1. Single Geometric Error Measurement
Definition: Single geometric error measurement evaluates each independent geometric error of a gear separately, including profile error, cumulative pitch error, pitch deviation, tooth alignment error, and radial runout of the gear circle.
Measurement Methods:
Absolute Measurement Method: Installs the measured gear and a circular grating length sensor coaxially. During measurement, when the inductive probe contacts one tooth surface and reaches a predetermined position, the sensor sends a counting start signal. By calculating the number of electrical pulses generated by the circular grating when the probe reaches the predetermined position on the next tooth surface, the electrical pulse count equivalent to the actual pitch is obtained, which is then processed by the computer to determine pitch deviation and cumulative error.
Relative Measurement Method: Uses two inductive length sensor probes with a distance equivalent to one theoretical pitch. This distance is compared with all other actual pitches tooth by tooth. The measured differences are processed by an electronic computer to determine pitch deviation and cumulative error.
Generating Method: Simulates the theoretical involute trajectory using a base circle disk to compare with the actual profile error. Measurement tools include single-disk involute measuring instruments and universal involute measuring instruments.
Coordinate Method: Based on theoretical equations, calculates profile deviations using a grating system and computer. There are two types: rectangular coordinate method and normal development angle coordinate method. The rectangular coordinate method utilizes X and Y directional grating measurement systems to measure the coordinates (x, y) of each point on the tooth profile, suitable for measuring large gear profiles. The normal development angle coordinate method is specifically for involute tooth profiles, measuring the developed angle (ϕ) of the gear's rotation using a circular grating and the corresponding developed arc length (ρ) on the base circle using a linear grating system. The computer calculates the theoretical arc length and compares it with the actual measured value to record the profile error curve.
Profile Measurement:
Pitch Measurement:
Tooth Alignment Measurement: Detects errors in the tooth profile along the axial direction of the gear, based on the principle that a helical gear rotates one revolution, and the contact point moves one lead along the axis. Measurement methods include the lead method and the base circle helix angle method. The lead method determines the theoretical lead by adjusting the inclination angle of a sine bar. When the carriage moves axially, the sine bar drives the circular disk and the measured gear to rotate, causing the measuring head to make a theoretical helical motion relative to the gear, thereby measuring the tooth alignment error. The base circle helix angle method is an extended function of involute measuring instruments. During measurement, a measuring head with a spherical or conical tip is used, positioned at the mid-height of the tooth.
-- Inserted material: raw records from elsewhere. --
(* Let $T=(V,E)$ be a tree with a proper 2-coloring $\chi$, and let $T_\mathcal{B}$, $T_\mathcal{R}$ be its blue and red interior graphs. Then $\mathcal{S}(T)=\mathcal{S}_{even}(T_\mathcal{B})*\mathcal{S}_{even}(T_\mathcal{R})$.
   Context: $N(v)=\{u:uv\in E\}$, $N(D)=\bigcup_{v\in D}N(v)$, $N[U]=N(U)\cup U$. A TD-set of a graph is $D$ with $N(D)=V$, minimal if no proper subset is a TD-set. The stable complex $\mathcal{S}(G)$ is the simplicial complex on $V(G)$ whose facets are $V(G)\setminus D$ for $D$ a minimal TD-set. A leaf is a vertex of degree 1, a support vertex is a vertex adjacent to a leaf; the height of a vertex in a graph is its minimum distance to a leaf of that graph (isolated vertices have height 0); $V_k$ is the set of height-$k$ vertices, $V_{even}$, $V_{odd}$ the sets of vertices of even/odd height. $T_\mathcal{B}$ is the subgraph induced on $V\setminus N[V_1(T)\cap\chi^{-1}(\mathcal{B})]$, $T_\mathcal{R}$ that induced on $V\setminus N[V_1(T)\cap\chi^{-1}(\mathcal{R})]$; their components are balanced trees (no two adjacent vertices of equal height), heights computed in these forests. For such a forest $F$, an odd-TD-set is $D\subseteq V(F)$ with $N_F(D)\supseteq V_{odd}(F)$, minimal if no proper subset is one; the even-stable complex $\mathcal{S}_{even}(F)$ is the simplicial complex on $V_{even}(F)$ whose facets are $V_{even}(F)\setminus D$ for $D$ a minimal odd-TD-set. For complexes $\Delta',\Delta''$ on disjoint vertex sets, the join is $\Delta'*\Delta''=\{F'\cup F'': F'\in\Delta', F''\in\Delta''\}$. *)

From mathcomp Require Import all_boot.
Set Implicit Arguments. Unset Strict Implicit. Unset Printing Implicit Defensive.

(* A simple graph on a finite type V is a symmetric irreflexive relation e.
   Induced subgraphs are described by their vertex set S : {set V}. *)
Section Graphs.
Variables (V : finType) (e : rel V).

Definition nbr (S : {set V}) (v : V) : {set V} := [set u in S | e v u].
Definition nbrs (S : {set V}) (D : {set V}) : {set V} :=
  \bigcup_(v in D) nbr S v.
Definition cnbrs (S : {set V}) (U : {set V}) : {set V} := nbrs S U :|: U.

Definition leafb (S : {set V}) (v : V) : bool := (v \in S) && (#|nbr S v| == 1).
Definition isolatedb (S : {set V}) (v : V) : bool := (v \in S) && (nbr S v == set0).

Fixpoint ball (S : {set V}) (v : V) (k : nat) : {set V} :=
  match k with
  | 0 => [set v]
  | k'.+1 => cnbrs S (ball S v k')
  end.

(* v has height k in the induced subgraph on S: minimum distance to a leaf
   is k, or v is isolated and k = 0 *)
Definition has_height (S : {set V}) (v : V) (k : nat) : bool :=
  (v \in S) &&
  ((isolatedb S v && (k == 0)) ||
   ([exists u in ball S v k, leafb S u] &&
    ((k == 0) || ~~ [exists u in ball S v k.-1, leafb S u]))).

(* heights never exceed #|V| - 1, so quantifying over 'I_#|V|.+1 is exhaustive *)
Definition Vk (S : {set V}) (k : nat) : {set V} := [set v in S | has_height S v k].
Definition Veven (S : {set V}) : {set V} :=
  [set v in S | [exists k : 'I_#|V|.+1, ~~ odd k && has_height S v k]].
Definition Vodd (S : {set V}) : {set V} :=
  [set v in S | [exists k : 'I_#|V|.+1, odd k && has_height S v k]].

Definition TDset (D : {set V}) : bool := nbrs setT D == setT.

Definition oddTDset (S : {set V}) (D : {set V}) : bool :=
  (D \subset S) && (Vodd S \subset nbrs S D).

(* simplicial complexes represented by their set of faces *)
Definition stable_complex : {set {set V}} :=
  [set F : {set V} | [exists D : {set V}, minset TDset D && (F \subset ~: D)]].

Definition even_stable_complex (S : {set V}) : {set {set V}} :=
  [set F : {set V} | [exists D : {set V}, minset (oddTDset S) D && (F \subset Veven S :\: D)]].

Definition join (A B : {set {set V}}) : {set {set V}} :=
  [set F :|: G | F in A, G in B].

(* blue = true, red = false *)
Definition interior (chi : V -> bool) (c : bool) : {set V} :=
  ~: cnbrs setT (Vk setT 1 :&: [set v | chi v == c]).

Definition is_tree : Prop :=
  (forall x y, connect e x y) /\
  ~ (exists s : seq V, [/\ uniq s, 3 <= size s & cycle e s]).

Definition proper2coloring (chi : V -> bool) : Prop :=
  forall u v, e u v -> chi u != chi v.

End Graphs.

From mathcomp Require Import all_boot zify.
Set Implicit Arguments. Unset Strict Implicit. Unset Printing Implicit Defensive.

(* In a properly 2-coloured graph, D is a total dominating set iff for each
   colour c its colour-c part dominates every vertex of the other colour, so a
   minimal TD-set is the union of two independent minimal "halves", one per
   colour.  The half of colour c contains every colour-c support vertex (the
   only neighbour of its leaf) and otherwise lies in the interior T_c.  There
   all leaves have colour c, so heights in T_c are even exactly on colour c;
   dropping the forced support vertices then turns minimal halves of colour c
   into minimal odd-TD-sets of T_c and back.  Complements of minimal TD-sets
   thus split by colour into faces of the two even-stable complexes. *)

Section MinimalSets.
Variable T : finType.
Implicit Types (A S I B D X Y : {set T}) (P Q R : pred {set T}).

Lemma minset_split A P Q R D :
  (forall D, P D = Q (D :&: A) && R (D :&: ~: A)) ->
  (forall X, Q X -> X \subset A) -> (forall X, R X -> X \subset ~: A) ->
  minset P D <-> minset Q (D :&: A) /\ minset R (D :&: ~: A).
Proof.
move=> PE QA RA; have DE := setID D A; rewrite setDE in DE.
have glueA X Y : X \subset A -> Y \subset ~: A -> (X :|: Y) :&: A = X.
  move=> sXA sYA; rewrite setIUl (setIidPl sXA) (_ : Y :&: A = set0) ?setU0 //.
  by apply/disjoint_setI0; rewrite disjoints_subset.
have glueCA X Y : X \subset A -> Y \subset ~: A -> (X :|: Y) :&: ~: A = Y.
  move=> sXA sYA; rewrite setIUl (setIidPl sYA) (_ : X :&: ~: A = set0) ?set0U //.
  by apply/disjoint_setI0; rewrite disjoints_subset setCK.
split=> [/minsetP[PD minD] | [/minsetP[QD minQ] /minsetP[RD minR]]].
  move: (PD); rewrite PE => /andP[QD RD].
  split; apply/minsetP; split=> // B PB sBD.
    have [sBA sDCA] := (QA _ PB, subsetIr D (~: A)).
    have sED : B :|: D :&: ~: A \subset D by rewrite subUset (subset_trans sBD) ?subsetIl.
    have PE' : P (B :|: D :&: ~: A) by rewrite PE glueA // glueCA // PB RD.
    by rewrite -(minD _ PE' sED) glueA.
  have [sDA sBCA] := (subsetIr D A, RA _ PB).
  have sED : D :&: A :|: B \subset D.
    by rewrite subUset subsetIl (subset_trans sBD) ?subsetIl.
  have PE' : P (D :&: A :|: B) by rewrite PE glueA // glueCA // PB QD.
  by rewrite -(minD _ PE' sED) glueCA.
apply/minsetP; rewrite PE QD RD; split=> // B; rewrite PE => /andP[QB RB] sBD.
rewrite -(setID B A) setDE -DE.
by rewrite (minQ _ QB (setSI _ sBD)) (minR _ RB (setSI _ sBD)).
Qed.

Lemma minset_subset I Q X :
  (forall X, Q X -> Q (X :&: I)) -> minset Q X -> X \subset I.
Proof.
by move=> QI /minsetP[QX minX]; rewrite -(minX _ (QI _ QX)) ?subsetIr ?subsetIl.
Qed.

Lemma minset_shift S I P Q X :
  [disjoint S & I] ->
  (forall D, P D -> D = S :|: (D :&: I)) ->
  (forall X, X \subset I -> P (S :|: X) = Q X) ->
  X \subset I -> minset P (S :|: X) <-> minset Q X.
Proof.
move=> dSI PE PQ sXI.
have shiftK Y : Y \subset I -> (S :|: Y) :&: I = Y.
  by move=> sYI; rewrite setIUl (disjoint_setI0 dSI) set0U (setIidPl sYI).
split=> /minsetP[PX minX]; apply/minsetP.
  rewrite -PQ //; split=> // B QB sBX.
  have sBI := subset_trans sBX sXI.
  have := minX (S :|: B); rewrite PQ // => /(_ QB (setUS _ sBX)) eSB.
  by rewrite -(shiftK _ sBI) eSB shiftK.
rewrite PQ //; split=> // B PB sBSX.
have sBI : B :&: I \subset X by rewrite -(shiftK _ sXI) setSI.
by rewrite (PE _ PB) (minX _ _ sBI) // -PQ ?subsetIr // -PE.
Qed.
End MinimalSets.
(* Fix an infinite-to-one map $f$ of $\mathbb{Z}$ onto $\mathbb{Z}$ and consider the blue backward Markov chain on columns described in the context. Let $n\ge1$ and let $(a(i,j))_{-n\le i,j\le n}$ be a fixed array of $0$s and $1$s. Then for every $\epsilon>0$ there exists $m$ such that for all integers $M>m$, $N>m$ and all doubly infinite $0$-$1$ sequences $(A(i))_{i\in\mathbb{Z}}$, $(B(i))_{i\in\mathbb{Z}}$, $$\Big|P\big(X(i,j)=a(i,j),\,-n\le i,j\le n \,\big|\, X(i,M)=A(i)\ \forall i\big)-P\big(X(i,j)=a(i,j),\,-n\le i,j\le n \,\big|\, X(i,N)=B(i)\ \forall i\big)\Big|<\epsilon .$$
   Context: Random variables $X(i,j)\in\{0,1\}$, $i,j\in\mathbb{Z}$; for each $j$, the $j$-th column is $(X(i,j))_{i\in\mathbb{Z}}$. Blue transition rule (the chain runs backwards in $j$): given the column $j+1$, the variables $X(i,j)$, $i\in\mathbb{Z}$, are conditionally independent (and independent of the columns $j+2,j+3,\dots$), and $X(i,j)$ equals $X(f(i),j+1)$ with probability $2/3$ and equals $1-X(f(i),j+1)$ with probability $1/3$. The conditional probability given column $M$ (resp. $N$) means: fix that column and generate columns $M-1,M-2,\dots$ (resp. $N-1,N-2,\dots$) successively by the blue transition rule. *)

From mathcomp Require Import all_boot all_order all_algebra.
From mathcomp Require Import reals.
Set Implicit Arguments. Unset Strict Implicit. Unset Printing Implicit Defensive.
Import Order.TTheory GRing.Theory Num.Theory.
Local Open Scope ring_scope.

Definition infinite_to_one_onto (f : int -> int) : Prop :=
  (forall y, exists x, f x = y) /\
  (forall y (k : nat), exists s : seq int,
      [/\ uniq s, (k <= size s)%N & all (fun x => f x == y) s]).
2. Comprehensive Error Measurement
Definition: Comprehensive error measurement evaluates the overall transmission accuracy of a gear by engaging the measured gear with a high-precision (at least two grades higher) measuring gear (or measuring worm) for transmission.
Measurement Methods:
Double-Flank Measurement: Uses a measuring gear to engage tightly with the measured gear on both flanks for rotation. The maximum variation in center distance over one revolution of the measured gear represents its radial comprehensive error. The measurement tool is a gear double-flank inspection instrument.
Single-Flank Measurement: Uses a measuring gear to engage with the measured gear at the nominal center distance for single-flank rotation. The angular error represents the tangential comprehensive error of the measured gear. Measurement tools include gear single-flank inspection instruments and gear single-flank overall error measuring instruments.
Applications: Comprehensive measurement is also commonly used to inspect the contact pattern and noise of gear pairs. For bevel gears, comprehensive measurement is generally the primary method, focusing on inspecting the contact pattern of the gear pair, while also measuring radial and tangential comprehensive errors and noise.
3. On-Machine Measurement
Definition: On-machine measurement integrates gear measurement devices into gear processing machines, allowing gear measurement to be performed directly on the machine. Measurement results are used to adjust and correct machine parameters in a timely manner to improve gear processing quality.
Characteristics:
High Precision and Speed: Demands high precision and speed in gear measurement.
Openness: Requires good openness of the gear measurement system for easy integration with the gear processing system, enabling automated or even intelligent gear processing and measurement.
Real-Time Feedback: On-machine measurement provides real-time feedback on error information during the processing, facilitating timely adjustment of processing parameters to enhance processing accuracy and efficiency.